Centralized Reduction of Decentralized Stochastic Control Models and their weak-Feller Regularity
Omar Mrani-Zentar, Serdar Yüksel
TL;DR
The paper tackles decentralized stochastic control with general state/measurement/action spaces by showing that one-step delayed and K-step periodic information-sharing problems can be reduced to centralized MDPs using state predictors. It establishes conditions under which these centralized reductions are weak-Feller, enabling the existence and stationarity of optimal policies and supporting rigorous approximation and learning analyses. By leveraging the Young topology for action mappings and proposing finite-action and finite-state quantizations, the work provides practical pathways for numerical solutions and near-optimal learning in multi-agent settings. The results also connect to completely decentralized information structures by suggesting how large-period approximations can yield near-optimal solutions for CDIS, thereby bridging theory and computation in decentralized stochastic control.
Abstract
Decentralized stochastic control problems involving general state/measurement/action spaces are intrinsically difficult to study because of the inapplicability of standard tools from centralized (single-agent) stochastic control.
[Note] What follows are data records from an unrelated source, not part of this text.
(* We compute the generating polynomial Z_n(Y) = \sum_(T in B_n) Y ^ U(T) and
   show Z_n(Y) = \prod_(j < n) 2 (Y + j); then E_n[U] = Z_n'(1) / Z_n(1)
   = \sum_(j < n) 1 / (j + 1).  The product formula follows from a recursive
   decomposition of B_(n+1): each tableau T of size n+1 arises from a unique
   t = shrink T in B_n, either (a) by adding an empty bottom row, which adds
   one unrestricted row, or (b) by adding a first column whose set S of 1s is
   any non-empty set of rows among the new top row and the rows lying below
   an unrestricted row of t.  In case (b) the number of unrestricted rows of T
   depends only on S, and summing over S gives 2 Y (1 + Y) ^ U(t) for the
   whole fiber of t, i.e. Z_(n+1)(Y) = 2 Y Z_n(1 + Y). *)

Definition row_len (c : nat) (L : nat -> nat) (r : nat) : nat :=
  if r < c then r.+1 else L (r - c).

Definition framed (m c : nat) (L : nat -> nat) (F : nat -> nat -> bool) : Prop :=
  [/\ c <= m, (forall i, L i <= c), (forall i, m - c <= i -> L i = 0)
    & (forall r j, F r j -> j < row_len c L r)].

Definition decreasing (L : nat -> nat) : Prop :=
  forall i i', i <= i' -> L i' <= L i.

Definition columns_hit (c : nat) (F : nat -> nat -> bool) : Prop :=
  forall j, j < c -> exists r, F r j.

Definition le_rule (c : nat) (L : nat -> nat) (F : nat -> nat -> bool) : Prop :=
  forall r j, j < row_len c L r -> ~~ F r j ->
    (exists2 r', r' < r & F r' j) -> (exists2 j', j' < j & F r j') -> False.

Definition diag_rule (c : nat) (F : nat -> nat -> bool) : Prop :=
  forall r, r < c -> ~~ F r r -> forall j, ~~ F r j.

Definition valid (m c : nat) (L : nat -> nat) (F : nat -> nat -> bool) : Prop :=
  [/\ framed m c L F, decreasing L, columns_hit c F, le_rule c L F & diag_rule c F].

Definition unrestricted (c : nat) (L : nat -> nat) (F : nat -> nat -> bool) (r : nat) : Prop :=
  forall j, j < row_len c L r -> ~~ F r j ->
    (exists2 r', r' < r & F r' j) \/ (r < c /\ j = r) -> False.

Section Framed.
Variables (m c : nat) (L : nat -> nat) (F : nat -> nat -> bool).
Hypothesis fr : framed m c L F.

Lemma row_len_out r : m <= r -> row_len c L r = 0.
Proof.
case: fr => cm _ L0 _ mr; rewrite /row_len; have -> : (r < c) = false by lia.
by apply: L0; lia.
Qed.

Lemma row_len_le r : row_len c L r <= m.
Proof.
case: fr => cm Lc _ _; rewrite /row_len; case: ifP => h; first lia.
exact: leq_trans (Lc _) cm.
Qed.

Lemma fill_bound r j : F r j -> (r < m) && (j < m).
Proof.
move=> Frj; have [_ _ _ FC] := fr; have := FC _ _ Frj; have := row_len_le r.
case: (leqP m r) => rm; first by rewrite (row_len_out rm).
by move=> *; apply/andP; split=> //; lia.
Qed.

End Framed.

Lemma valid_add_row m c L F :
  valid m c L F <-> valid m.+1 c L F /\ row_len c L m = 0.
Proof.
split.
- case=> fr dec col le dg; split; last exact: (row_len_out fr (leqnn m)).
  case: fr => cm Lc L0 FC; split => //; split => //; first lia.
  by move=> i hi; apply: L0; lia.
- case=> -[[cm Lc L0 FC] dec col le dg] hm.
  have cm' : c <= m by move: hm; rewrite /row_len; case: ltnP => //; lia.
  split => //; split => // i hi; move: hm; rewrite /row_len ltnNge cm' /= => hm.
  by have := dec (m - c) i hi; rewrite hm; lia.
Qed.

(* Adding a new first column whose 1s are the rows in g: every row moves one *)
(* step down and grows by one cell; the new top row is a staircase row.      *)
Definition col_lam (m c : nat) (L : nat -> nat) (i : nat) : nat :=
  if i < m - c then (L i).+1 else 0.
Definition col_fill (g : nat -> bool) (F : nat -> nat -> bool) (r j : nat) : bool :=
  if j == 0 then g r else if r == 0 then false else F r.-1 j.-1.

Lemma row_len_col m c L r : c <= m ->
  row_len c.+1 (col_lam m c L) r =
  if r == 0 then 1 else if r <= m then (row_len c L r.-1).+1 else 0.
Proof.
move=> cm; rewrite /row_len /col_lam; case: r => [|r] //=.
rewrite ltnS subSS; case: (ltnP r c) => rc; first by have -> : r < m by lia.
case: (ltnP r m) => rm; first by have -> : r - c < m - c by lia.
by have -> : r - c < m - c = false by lia.
Qed.

Definition admissible_col (c : nat) (L : nat -> nat) (F : nat -> nat -> bool)
    (g : nat -> bool) : Prop :=
  forall r, g r -> r = 0 \/ unrestricted c L F r.-1.

Lemma framed_col m c L F (g : nat -> bool) : framed m c L F -> (forall r, g r -> r <= m) ->
  framed m.+1 c.+1 (col_lam m c L) (col_fill g F).
Proof.
move=> fr gb; have [cm Lc L0 FC] := fr; split; first lia.
- by move=> i; rewrite /col_lam; case: ifP => _ //; rewrite ltnS.
- by move=> i hi; rewrite /col_lam; have -> : i < m - c = false by lia.
- move=> r j; rewrite /col_fill row_len_col //; case: eqP => [->|/eqP j0].
    by move=> /gb rm; case: eqP => // _; rewrite rm.
  case: eqP => // /eqP r0 Frj; have /andP[rm _] := fill_bound fr Frj.
  have := FC _ _ Frj; have -> : r <= m by lia.
  lia.
Qed.

Lemma decreasing_col m c L : (forall i, m - c <= i -> L i = 0) ->
  decreasing (col_lam m c L) <-> decreasing L.
Proof.
move=> L0; split => dec i i' ii'.
- case: (ltnP i' (m - c)) => h; last by rewrite L0.
  have := dec i i' ii'; rewrite /col_lam h; have -> : i < m - c by lia.
  by rewrite ltnS.
- rewrite /col_lam; case: ifP => h //; have -> : i < m - c by lia.
  by have := dec i i' ii'; lia.
Qed.

Lemma columns_hit_col c F (g : nat -> bool) :
  columns_hit c.+1 (col_fill g F) <-> (exists r, g r) /\ columns_hit c F.
Proof.
split.
- move=> col; split; first by have [r] := col 0 isT; exists r.
  by move=> j /(col j.+1) [[|r] Fr] //; exists r.
- move=> [[r0 gr0] col] [|j] hj; first by exists r0.
  by have [r Fr] := col j hj; exists r.+1.
Qed.

(* Rules (2) and (3) after adding a column: the old tableau satisfies them,   *)
(* and a 1 in the new column never sits left of a restricted 0.             *)
Lemma rules_col m c L F (g : nat -> bool) : framed m c L F ->
  le_rule c L F -> diag_rule c F -> admissible_col c L F g ->
  le_rule c.+1 (col_lam m c L) (col_fill g F) /\ diag_rule c.+1 (col_fill g F).
Proof.
move=> fr le dg adm; have cm : c <= m by case: fr.
split.
- move=> r j; rewrite row_len_col // /col_fill.
  case: j => [|j]; first by move=> _ _ _ [j'].
  case: r => [|r] //= hj nF [r' hr' Fr'] [j' hj' Fj'].
  move: hj; case: ifP => // rm hj.
  move: Fr'; case: r' hr' => [|r'] //= hr' Fr'.
  move: Fj'; case: j' hj' => [|j'] /= hj' Fj'.
    by case: (adm _ Fj') => // /= U; apply: (U j) => //; left; exists r'.
  by apply: (le r j) => //; [exists r' | exists j'].
- move=> r hr; rewrite /col_fill; case: r hr => [|r] /= hr.
    by move=> ng0 [|j].
  move=> nF [|j] /=; last exact: dg.
  apply/negP => gr; case: (adm _ gr) => // /= U.
  apply: (U r) => //; last by right.
  by move: hr; rewrite /row_len ltnS => ->.
Qed.

Lemma rules_of_col m c L F (g : nat -> bool) : framed m c L F ->
  (forall r, g r -> r <= m) ->
  le_rule c.+1 (col_lam m c L) (col_fill g F) -> diag_rule c.+1 (col_fill g F) ->
  [/\ le_rule c L F, diag_rule c F & admissible_col c L F g].
Proof.
move=> fr gb le' dg'; have cm : c <= m by case: fr.
split.
- move=> r j hj nF [r' hr' Fr'] [j' hj' Fj'].
  have rm : r < m by case: (ltnP r m) => // h; rewrite (row_len_out fr h) in hj.
  apply: (le' r.+1 j.+1); first by rewrite row_len_col //= rm.
  + by rewrite /col_fill.
  + by exists r'.+1.
  + by exists j'.+1.
- by move=> r hr nF j; have := dg' r.+1 hr nF j.+1; rewrite /col_fill.
- move=> [|r] gr; first by left.
  right => j hj nF [[r' hr' Fr']|[hrc e]].
    apply: (le' r.+1 j.+1); first by rewrite row_len_col //= gb.
    + by rewrite /col_fill.
    + by exists r'.+1.
    + by exists 0.
  rewrite /= in e hrc; subst j.
  by have := dg' r.+1 hrc nF 0; rewrite /col_fill gr.
Qed.

Lemma valid_add_col m c L F (g : nat -> bool) : framed m c L F ->
  (forall r, g r -> r <= m) ->
  valid m.+1 c.+1 (col_lam m c L) (col_fill g F) <->
  [/\ valid m c L F, (exists r, g r) & admissible_col c L F g].
Proof.
move=> fr gb; have [cm Lc L0 FC] := fr; split.
- case=> _ /(decreasing_col L0) dec /columns_hit_col [ne col] le' dg'.
  by have [le dg adm] := rules_of_col fr gb le' dg'.
- case=> -[_ dec col le dg] ne adm; have [le' dg'] := rules_col fr le dg adm.
  split => //; [exact: framed_col | exact/(decreasing_col L0) | exact/columns_hit_col].
Qed.

Lemma unrestricted_col_top m c L F (g : nat -> bool) : c <= m ->
  unrestricted c.+1 (col_lam m c L) (col_fill g F) 0 <-> g 0.
Proof.
move=> cm; split.
- move=> U; apply/negPn/negP => ng; apply: (U 0).
  + by rewrite row_len_col.
  + by rewrite /col_fill.
  + by right.
- move=> g0 j; rewrite row_len_col //= ltnS leqn0 => /eqP ->.
  by rewrite /col_fill g0.
Qed.

Lemma unrestricted_col_succ m c L F (g : nat -> bool) r : c <= m -> r < m ->
  unrestricted c.+1 (col_lam m c L) (col_fill g F) r.+1 <->
  unrestricted c L F r /\ (g r.+1 \/ forall r', r' <= r -> ~~ g r').
Proof.
move=> cm rm; split.
- move=> U; split.
    move=> j hj nF H; apply: (U j.+1); first by rewrite row_len_col //= rm.
      by rewrite /col_fill.
    by case: H => [[r' hr' Fr']|[hrc ->]]; [left; exists r'.+1 | right].
  case gr: (g r.+1); first by left.
  right => r' hr'; apply/negP => gr'; apply: (U 0).
  + by rewrite row_len_col //= rm.
  + by rewrite /col_fill gr.
  + by left; exists r'; rewrite // /col_fill.
- case=> U H j; rewrite row_len_col //= rm; case: j => [|j] hj.
    rewrite /col_fill /= => ng [[r' hr' gr']|[_ //]].
    case: H => [gr|H]; first by rewrite gr in ng.
    by move: gr'; rewrite (negPf (H _ hr')).
  rewrite /col_fill /= => nF [[r' hr' Fr']|[hrc [e]]].
    move: Fr'; case: r' hr' => [|r'] //= hr' Fr'.
    by apply: (U j) => //; left; exists r'.
  by apply: (U j) => //; right.
Qed.

(* Conversely, a valid tableau whose last row is non-empty is obtained by    *)
(* adding its own first column to the tableau left after deleting it.       *)
Lemma col_decompose m c L F : valid m.+1 c L F -> 0 < row_len c L m ->
  [/\ c = c.-1.+1, framed m c.-1 (fun i => (L i).-1) (fun r j => F r.+1 j.+1),
      L = col_lam m c.-1 (fun i => (L i).-1)
    & F = col_fill (fun r => F r 0) (fun r j => F r.+1 j.+1)].
Proof.
move=> [fr dec _ _ _] hm; have [cm Lc L0 FC] := fr.
have c0 : 0 < c.
  case: c cm Lc L0 FC hm {fr} => // _ Lc _ _; rewrite /row_len /=.
  by have := Lc (m - 0); rewrite subn0; case: (L m).
split; first by rewrite prednK.
- split; first lia.
  + by move=> i; have := Lc i; lia.
  + by move=> i hi; rewrite L0 //; lia.
  + move=> r j Fr; have := FC _ _ Fr; rewrite /row_len.
    case: (ltnP r.+1 c) => h1.
      have -> : r < c.-1 by lia.
      lia.
    have -> : r < c.-1 = false by lia.
    have -> : r - c.-1 = r.+1 - c by lia.
    lia.
- apply: functional_extensionality => i; rewrite /col_lam.
  case: ifP => h; last by rewrite L0 //; lia.
  have cm' : (m < c) = false by lia.
  have Lm : 0 < L (m - c) by move: hm; rewrite /row_len cm'.
  by have := dec i (m - c) (ltac:(lia)); lia.
- apply: functional_extensionality => r; apply: functional_extensionality => j.
  rewrite /col_fill; case: eqP => [->|/eqP j0] //.
  case: eqP => [->|/eqP r0]; last by rewrite !prednK //; lia.
  by apply/negP => F0; have := FC _ _ F0; rewrite /row_len c0; lia.
Qed.

Section Encoding.
Variable n : nat.
Implicit Types (t : candB n).

Definition lam_nat t (i : nat) : nat := oapp (fun i' : 'I_n => lam t i') 0 (insub i).
Definition fill_nat t (r j : nat) : bool :=
  oapp (fun r' : 'I_n => oapp (fun j' : 'I_n => fill t r' j') false (insub j))
    false (insub r).

Lemma lam_natE t (i : 'I_n) : lam_nat t i = lam t i.
Proof. by rewrite /lam_nat valK. Qed.

Lemma lam_nat_out t i : n <= i -> lam_nat t i = 0.
Proof. by move=> h; rewrite /lam_nat; case: insubP => //= i' hi _; lia. Qed.

Lemma fill_natE t (r j : 'I_n) : fill_nat t r j = fill t r j.
Proof. by rewrite /fill_nat !valK. Qed.

Lemma fill_nat_out t r j : (n <= r) || (n <= j) -> fill_nat t r j = false.
Proof.
rewrite /fill_nat; case/orP => h.
  by rewrite (@insubF _ _ _ r) //; apply/negbTE; rewrite -leqNgt.
case: (insub r) => //= r'.
by rewrite (@insubF _ _ _ j) //; apply/negbTE; rewrite -leqNgt.
Qed.

Lemma in_cellE t r j : in_cell t r j = (j < row_len (ncols t) (lam_nat t) r).
Proof. by rewrite /in_cell /rowlen /row_len /lam_nat; case: ifP => //; case: insub. Qed.

Lemma ncols_le t : ncols t <= n.
Proof. by rewrite -ltnS ltn_ord. Qed.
In this paper, we address some of these challenges for decentralized stochastic control with standard Borel spaces under two different but tightly related information structures: the one-step delayed information sharing pattern (OSDISP), and the $K$-step periodic information sharing pattern (KSPISP). We will show that the one-step delayed and $K$-step periodic problems can be reduced to a centralized Markov Decision Process (MDP), generalizing prior results which considered finite, linear, or static models, by addressing several measurability and topological questions. We then provide sufficient conditions for the transition kernels of both centralized reductions to be weak-Feller. The existence and separated nature of optimal policies under both information structures are then established. The weak Feller regularity also facilitates rigorous approximation and learning theoretic results, as shown in the paper.